### Description of the task
Find the line holding "Variables (Act : Type) (T1" in the entries below. Give it again exactly, along with every line after it up to and including the line holding "(Some (inr y)).".

BEGIN

(* Let $\mathcal S$ be a system and $\mathcal T$ a target behavior. If $\tilde{\mathcal T}_1$ and $\tilde{\mathcal T}_2$ are both optimal approximations of $\mathcal T$ on $\mathcal S$, then $\tilde{\mathcal T}_1\sim\tilde{\mathcal T}_2$; i.e., the optimal approximation is unique up to simulation equivalence.
   Context: A behavior is a tuple $\mathcal B=\langle B,\mathcal A,b_0,\varrho\rangle$ with $B$ a finite set of states, $\mathcal A$ a set of actions, $b_0\in B$ the initial state, and $\varrho\subseteq B\times\mathcal A\times B$ a transition relation (written $b\xrightarrow{a}b'$); every state is assumed to have at least one outgoing transition. A system is a tuple $\mathcal S=\langle\mathcal B_1,\dots,\mathcal B_n\rangle$ of behaviors $\mathcal B_i=\langle B_i,\mathcal A_i,b_{i0},\varrho_i\rangle$. Its enacted system has states $B_1\times\dots\times B_n$ (for a state $s$, $\mathrm{beh}_i(s)$ denotes its $i$-th component), initial state $s_0=\langle b_{10},\dots,b_{n0}\rangle$, and transitions $s\xrightarrow{a,k}s'$ iff $\mathrm{beh}_k(s)\xrightarrow{a}\mathrm{beh}_k(s')$ in $\mathcal B_k$ and $\mathrm{beh}_i(s')=\mathrm{beh}_i(s)$ for all $i\neq k$. A system history is a finite sequence $h=s^0\xrightarrow{a^1,k^1}s^1\cdots\xrightarrow{a^\ell,k^\ell}s^\ell$ of enacted-system transitions with $s^0=s_0$; $\mathcal H_{\mathcal S}$ is the set of system histories, $|h|=\ell$, $\mathrm{last}(h)=s^\ell$, and $h|_i$ is the prefix of length $i$. A target behavior $\mathcal T=\langle T,\mathcal A,t_0,\varrho_T\rangle$ is a (possibly nondeterministic) behavior; a trace of $\mathcal T$ is a finite or infinite sequence $t^0\xrightarrow{a^1}t^1\xrightarrow{a^2}\cdots$ with $t^0=t_0$ and each step in $\varrho_T$. A controller for $\mathcal T$ on $\mathcal S$ is a partial function $C:\mathcal H_{\mathcal S}\times\varrho_T\to\{1,\dots,n\}$. $C$ realizes a trace $\tau=t^0\xrightarrow{a^1}t^1\xrightarrow{a^2}\cdots$ of $\mathcal T$ if for every $j$ such that $\tau$ has a step $t^j\xrightarrow{a^{j+1}}t^{j+1}$, and every system history $h=s^0\xrightarrow{a^1,k^1}\cdots\xrightarrow{a^j,k^j}s^j$ with $k^i=C(h|_{i-1},t^{i-1}\xrightarrow{a^i}t^i)$ for all $1\le i\le j$, the value $k=C(h,t^j\xrightarrow{a^{j+1}}t^{j+1})$ is defined and $\mathrm{beh}_k(s^j)$ has an outgoing $a^{j+1}$-transition in $\mathcal B_k$. $C$ is an exact composition for $\mathcal T$ on $\mathcal S$ if it realizes all traces of $\mathcal T$. For target behaviors $\mathcal T_i=\langle T_i,\mathcal A,t_{i0},\varrho_i\rangle$ ($i=1,2$), a simulation of $\mathcal T_2$ by $\mathcal T_1$ is a relation $R\subseteq T_2\times T_1$ such that $\langle t_2,t_1\rangle\in R$ and $\langle t_2,a,t_2'\rangle\in\varrho_2$ imply some $\langle t_1,a,t_1'\rangle\in\varrho_1$ with $\langle t_2',t_1'\rangle\in R$. $\mathcal T_2\preceq\mathcal T_1$ iff some simulation contains $\langle t_{20},t_{10}\rangle$; $\mathcal T_2\prec\mathcal T_1$ iff $\mathcal T_2\preceq\mathcal T_1$ and not $\mathcal T_1\preceq\mathcal T_2$; $\mathcal T_1\sim\mathcal T_2$ iff both $\preceq$ hold. $\tilde{\mathcal T}$ is an approximation of $\mathcal T$ on $\mathcal S$ iff $\tilde{\mathcal T}\preceq\mathcal T$ and there is an exact composition for $\tilde{\mathcal T}$ on $\mathcal S$. $\tilde{\mathcal T}$ is an optimal approximation of $\mathcal T$ on $\mathcal S$ iff it is an approximation of $\mathcal T$ on $\mathcal S$ and there is no approximation $\tilde{\mathcal T}'$ of $\mathcal T$ on $\mathcal S$ with $\tilde{\mathcal T}\prec\tilde{\mathcal T}'$. *)

From mathcomp Require Import all_boot.
Set Implicit Arguments. Unset Strict Implicit. Unset Printing Implicit Defensive.

Record behavior (Act : Type) := Behavior {
  bst : finType;
  binit : bst;
  btr : bst -> Act -> bst -> Prop;
  btotal : forall b : bst, exists a b', btr b a b'
}.

(* A system of n behaviors, indexed by 'I_n (i.e. {1,...,n} shifted). *)
Definition system (Act : Type) (n : nat) := 'I_n -> behavior Act.

Definition sstate Act n (S : system Act n) := forall i : 'I_n, bst (S i).

Definition sinit Act n (S : system Act n) : sstate S := fun i => binit (S i).

Definition etr Act n (S : system Act n) (s : sstate S) (a : Act) (k : 'I_n)
  (s' : sstate S) : Prop :=
  btr (s k) a (s' k) /\ forall i, i <> k -> s' i = s i.

(* A system history s^0 -(a1,k1)-> s^1 ... -(al,kl)-> s^l with s^0 = s_0 is
   represented by the list of its steps (a^i, k^i, s^i). *)
Definition hstep Act n (S : system Act n) := (Act * 'I_n * sstate S)%type.
Definition history Act n (S : system Act n) := seq (hstep S).

Fixpoint hist_from Act n (S : system Act n) (s : sstate S) (h : history S)
  : Prop :=
  match h with
  | [::] => True
  | (a, k, s') :: h' => etr s a k s' /\ hist_from s' h'
  end.

Definition is_history Act n (S : system Act n) (h : history S) : Prop :=
  hist_from (sinit S) h.

Definition hlast Act n (S : system Act n) (h : history S) : sstate S :=
  last (sinit S) [seq x.2 | x <- h].

(* A controller: partial function H_S x rho_T -> {1..n}; a target transition
   t -a-> t' is passed as its three components. *)
Definition controller Act n (S : system Act n) (T : behavior Act) :=
  history S -> bst T -> Act -> bst T -> option 'I_n.

(* Traces of T, finite or infinite: [tlen = Some l] means the trace
   t^0 -a^1-> ... -a^l-> t^l, [tlen = None] means an infinite trace.
   State t^j is [tst j], action a^j is [tact j] (tact 0 unused). *)
Record trace Act (T : behavior Act) := Trace {
  tlen : option nat;
  tst : nat -> bst T;
  tact : nat -> Act
}.

(* "the trace has a step t^j -a^{j+1}-> t^{j+1}" *)
Definition has_step Act (T : behavior Act) (tau : trace T) (j : nat) : Prop :=
  match tlen tau with None => True | Some l => j < l end.

Definition is_trace Act (T : behavior Act) (tau : trace T) : Prop :=
  tst tau 0 = binit T /\
  forall j, has_step tau j -> btr (tst tau j) (tact tau j.+1) (tst tau j.+1).

(* h = s^0 -(a^1,k^1)-> ... -(a^j,k^j)-> s^j is a system history whose actions
   are those of tau and with k^i = C(h|_{i-1}, t^{i-1} -a^i-> t^i). *)
Definition follows Act n (S : system Act n) (T : behavior Act)
  (C : controller S T) (tau : trace T) (j : nat) (h : history S) : Prop :=
  is_history h /\ size h = j /\
  forall i, i < j ->
    match onth h i with
    | Some (a, k, _) => a = tact tau i.+1 /\
        C (take i h) (tst tau i) (tact tau i.+1) (tst tau i.+1) = Some k
    | None => False
    end.

Definition realizes Act n (S : system Act n) (T : behavior Act)
  (C : controller S T) (tau : trace T) : Prop :=
  forall j, has_step tau j ->
  forall h, follows C tau j h ->
  exists k, C h (tst tau j) (tact tau j.+1) (tst tau j.+1) = Some k /\
    exists b', btr (hlast h k) (tact tau j.+1) b'.

Definition exact_composition Act n (S : system Act n) (T : behavior Act)
  (C : controller S T) : Prop :=
  forall tau : trace T, is_trace tau -> realizes C tau.

Definition is_simulation Act (T2 T1 : behavior Act)
  (R : bst T2 -> bst T1 -> Prop) : Prop :=
  forall t2 t1 a t2', R t2 t1 -> btr t2 a t2' ->
    exists t1', btr t1 a t1' /\ R t2' t1'.

Definition simulated Act (T2 T1 : behavior Act) : Prop :=
  exists R, is_simulation R /\ R (binit T2) (binit T1).

Definition strictly_simulated Act (T2 T1 : behavior Act) : Prop :=
  simulated T2 T1 /\ ~ simulated T1 T2.

Definition sim_equiv Act (T1 T2 : behavior Act) : Prop :=
  simulated T1 T2 /\ simulated T2 T1.

Definition approximation Act n (S : system Act n) (T Tt : behavior Act) : Prop :=
  simulated Tt T /\ exists C : controller S Tt, exact_composition C.

Definition optimal_approximation Act n (S : system Act n) (T Tt : behavior Act)
  : Prop :=
  approximation S T Tt /\
  ~ (exists Tt' : behavior Act, approximation S T Tt' /\ strictly_simulated Tt Tt').

(* Idea: approximations are closed under a "disjoint union" U(T1,T2), the
   behavior with a fresh initial state that nondeterministically starts
   behaving as T1 or as T2.  Indeed
   - U(T1,T2) is the least upper bound of T1 and T2 for simulation, so it is
     simulated by T whenever T1 and T2 are;
   - the controllers of T1 and T2 combine into an exact composition for
     U(T1,T2): a trace of the union lives in one component after its first
     step, and there the combined controller behaves like the component's.
   If T1 is optimal and T2 is an approximation, then T1 ⪯ U(T1,T2) and
   optimality forbid T1 ≺ U(T1,T2), hence U(T1,T2) ⪯ T1, and so
   T2 ⪯ U(T1,T2) ⪯ T1.  Exchanging the roles gives T1 ∼ T2. *)
From Stdlib Require Import Classical.
From mathcomp Require Import all_boot.
Set Implicit Arguments. Unset Strict Implicit.

Lemma has_step_mono Act (T : behavior Act) (tau : trace T) i j :
  i <= j -> has_step tau j -> has_step tau i.
Proof.
by rewrite /has_step; case: (tlen tau) => // l le_ij; exact: leq_ltn_trans.
Qed.

Lemma simulated_trans Act (A B C : behavior Act) :
  simulated A B -> simulated B C -> simulated A C.
Proof.
move=> [R [simR R0]] [Q [simQ Q0]].
exists (fun a c => exists b, R a b /\ Q b c); split; last by exists (binit B).
move=> a c x a' [b [Rab Qbc]] step_a.
have [b' [step_b Rb']] := simR _ _ _ _ Rab step_a.
have [c' [step_c Qc']] := simQ _ _ _ _ Qbc step_b.
by exists c'; split=> //; exists b'.
Qed.

Section Transfer.
Variables (Act : Type) (n : nat) (S : system Act n) (B U : behavior Act).
Variables (C : controller S B) (CU : controller S U).
Variables (p : bst U -> bst B) (L : bst U -> Prop).

Let source (u : bst U) : Prop := u = binit U \/ L u.

Hypothesis p_init : p (binit U) = binit B.
Hypothesis p_step_init :
  forall a u', btr (binit U) a u' -> L u' -> btr (binit B) a (p u').
Hypothesis p_step :
  forall u a u', L u -> btr u a u' -> L u' /\ btr (p u) a (p u').
Hypothesis CU_agrees : forall h u a u', source u -> L u' ->
  CU h u a u' = C h (p u) a (p u').

Lemma realizes_through_projection :
  exact_composition C -> forall tau : trace U, is_trace tau ->
  (has_step tau 0 -> L (tst tau 1)) -> realizes CU tau.
Proof.
move=> exactC tau [tau0 tau_step] L1.
have inL : forall i, has_step tau i -> L (tst tau i.+1).
  elim=> [|i IH] si; first exact: L1.
  exact: (p_step (IH (has_step_mono (leqnSn i) si)) (tau_step _ si)).1.
have inSource : forall i, has_step tau i -> source (tst tau i).
  by case=> [|i] si; [left | right; apply: inL; apply: has_step_mono si].
pose ptau := Trace (tlen tau) (fun j => p (tst tau j)) (tact tau).
have ptau_trace : is_trace ptau.
  split=> [|[|j] sj] /=; first by rewrite tau0 p_init.
    rewrite tau0 p_init; apply: p_step_init (inL 0 sj).
    by rewrite -tau0; exact: tau_step.
  exact: (p_step (inL j (has_step_mono (leqnSn j) sj)) (tau_step _ sj)).2.
move=> j sj h [hist [size_h follow_h]].
have ptau_follow : follows C ptau j h.
  split=> //; split=> // i lt_ij.
  have si : has_step tau i := has_step_mono (ltnW lt_ij) sj.
  move: (follow_h i lt_ij); case: (onth h i) => // [[[a k] s]] [-> Ck].
  by split=> //; rewrite -CU_agrees //; [exact: inSource | exact: inL].
have [k [Ck enabled]] := exactC ptau ptau_trace j sj h ptau_follow.
by exists k; split=> //; rewrite CU_agrees //; [exact: inSource | exact: inL].
Qed.
End Transfer.

Section Union.
Variables (Act : Type) (T1 T2 : behavior Act).

(* The disjoint union: a fresh initial state [None] followed by copies of the
   states of [T1] ([inl]) and [T2] ([inr]). *)
Definition ustate : finType := option (bst T1 + bst T2).

Definition utr (u : ustate) (a : Act) (u' : ustate) : Prop :=
  match u, u' with
  | None, Some (inl y) => btr (binit T1) a y
  | None, Some (inr y) => btr (binit T2) a y
  | Some (inl x), Some (inl y) => btr x a y
  | Some (inr x), Some (inr y) => btr x a y
  | _, _ => False
  end.

Lemma utr_total (u : ustate) : exists a u', utr u a u'.
Proof.
case: u => [[x|x]|].
- by have [a [y step]] := btotal x; exists a, (Some (inl y)).
- by have [a [y step]] := btotal x; exists a, (Some (inr y)).
- by have [a [y step]] := btotal (binit T1); exists a, (Some (inl y)).
Qed.

Definition union : behavior Act := @Behavior Act ustate None utr utr_total.

Lemma simulated_union_l : simulated T1 union.
Proof.
exists (fun x (u : ustate) => u = Some (inl x) \/ (x = binit T1 /\ u = None)).
split; last by right.
by move=> x u a x' [->|[-> ->]] step; exists (Some (inl x')); split=> //; left.
Qed.

Lemma simulated_union_r : simulated T2 union.
Proof.
exists (fun x (u : ustate) => u = Some (inr x) \/ (x = binit T2 /\ u = None)).
split; last by right.
by move=> x u a x' [->|[-> ->]] step; exists (Some (inr x')); split=> //; left.
Qed.

Lemma union_simulated (T : behavior Act) :
  simulated T1 T -> simulated T2 T -> simulated union T.
Proof.
move=> [R1 [simR1 R10]] [R2 [simR2 R20]].
exists (fun (u : ustate) t => match u with
  | None => t = binit T | Some (inl x) => R1 x t | Some (inr x) => R2 x t end).
split=> // [[[x|x]|]] t a [[y|y]|] //= Rut step.
- exact: simR1 Rut step.
- exact: simR2 Rut step.
- by rewrite Rut; exact: simR1 R10 step.
- by rewrite Rut; exact: simR2 R20 step.
Qed.

Definition left_of (u : ustate) : bst T1 :=
  if u is Some (inl x) then x else binit T1.
Definition right_of (u : ustate) : bst T2 :=
  if u is Some (inr x) then x else binit T2.
Definition in1 (u : ustate) : Prop := if u is Some (inl _) then True else False.
Definition in2 (u : ustate) : Prop := if u is Some (inr _) then True else False.

Variables (n : nat) (S : system Act n).
Variables (C1 : controller S T1) (C2 : controller S T2).

Definition union_controller : controller S union := fun h u a u' =>
  match u' with
  | Some (inl y) => if u is Some (inr _) then None else C1 h (left_of u) a y
  | Some (inr y) => if u is Some (inl _) then None else C2 h (right_of u) a y
  | None => None
  end.

Hypotheses (exact1 : exact_composition C1) (exact2 : exact_composition C2).

Lemma union_realizes_l (tau : trace union) : is_trace tau ->
  (has_step tau 0 -> in1 (tst tau 1)) -> realizes union_controller tau.
Proof.
apply: (@realizes_through_projection _ _ S T1 union C1 union_controller
  left_of in1 _ _ _ _ exact1).
- by [].
- by move=> a [[?|?]|].
- by move=> [[?|?]|] a [[?|?]|].
- by move=> h [[?|?]|] a [[?|?]|] // [].
Qed.

Lemma union_realizes_r (tau : trace union) : is_trace tau ->
  (has_step tau 0 -> in2 (tst tau 1)) -> realizes union_controller tau.
Proof.
apply: (@realizes_through_projection _ _ S T2 union C2 union_controller
  right_of in2 _ _ _ _ exact2).
- by [].
- by move=> a [[?|?]|].
- by move=> [[?|?]|] a [[?|?]|].
- by move=> h [[?|?]|] a [[?|?]|] // [].
Qed.

(* Every first step of the union enters one of the two copies. *)
Lemma union_exact : exact_composition union_controller.
Proof.
move=> tau tau_trace.
case first: (tst tau 1) => [[y|y]|].
- by apply: union_realizes_l; rewrite ?first.
- by apply: union_realizes_r; rewrite ?first.
- apply: union_realizes_l => // s0.
  by have := (proj2 tau_trace) 0 s0; rewrite (proj1 tau_trace) first.
Qed.
End Union.

Lemma union_approximation Act n (S : system Act n) (T T1 T2 : behavior Act) :
  approximation S T T1 -> approximation S T T2 ->
  approximation S T (union T1 T2).
Proof.
move=> [sim1 [C1 exact1]] [sim2 [C2 exact2]]; split.
- exact: union_simulated.
- by exists (union_controller C1 C2); exact: union_exact.
Qed.

Lemma optimal_simulates Act n (S : system Act n) (T T1 T2 : behavior Act) :
  optimal_approximation S T T1 -> approximation S T T2 -> simulated T2 T1.
Proof.
move=> [approx1 not_improvable] approx2.
have union_below : simulated (union T1 T2) T1.
  apply: NNPP => not_below; apply: not_improvable.
  exists (union T1 T2); split; first exact: union_approximation.
  by split=> //; exact: simulated_union_l.
exact: simulated_trans (simulated_union_r T1 T2) union_below.
Qed.

Theorem theorem2 (Act : Type) (n : nat) (S : system Act n)
  (T T1 T2 : behavior Act) :
  optimal_approximation S T T1 -> optimal_approximation S T T2 ->
  sim_equiv T1 T2.
Proof.
move=> opt1 opt2; split.
- exact: optimal_simulates opt2 opt1.1.
- exact: optimal_simulates opt1 opt2.1.
Qed.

END

### Answer for the task
Variables (Act : Type) (T1 T2 : behavior Act).

(* The disjoint union: a fresh initial state [None] followed by copies of the
   states of [T1] ([inl]) and [T2] ([inr]). *)
Definition ustate : finType := option (bst T1 + bst T2).

Definition utr (u : ustate) (a : Act) (u' : ustate) : Prop :=
  match u, u' with
  | None, Some (inl y) => btr (binit T1) a y
  | None, Some (inr y) => btr (binit T2) a y
  | Some (inl x), Some (inl y) => btr x a y
  | Some (inr x), Some (inr y) => btr x a y
  | _, _ => False
  end.

Lemma utr_total (u : ustate) : exists a u', utr u a u'.
Proof.
case: u => [[x|x]|].
- by have [a [y step]] := btotal x; exists a, (Some (inl y)).
- by have [a [y step]] := btotal x; exists a, (Some (inr y)).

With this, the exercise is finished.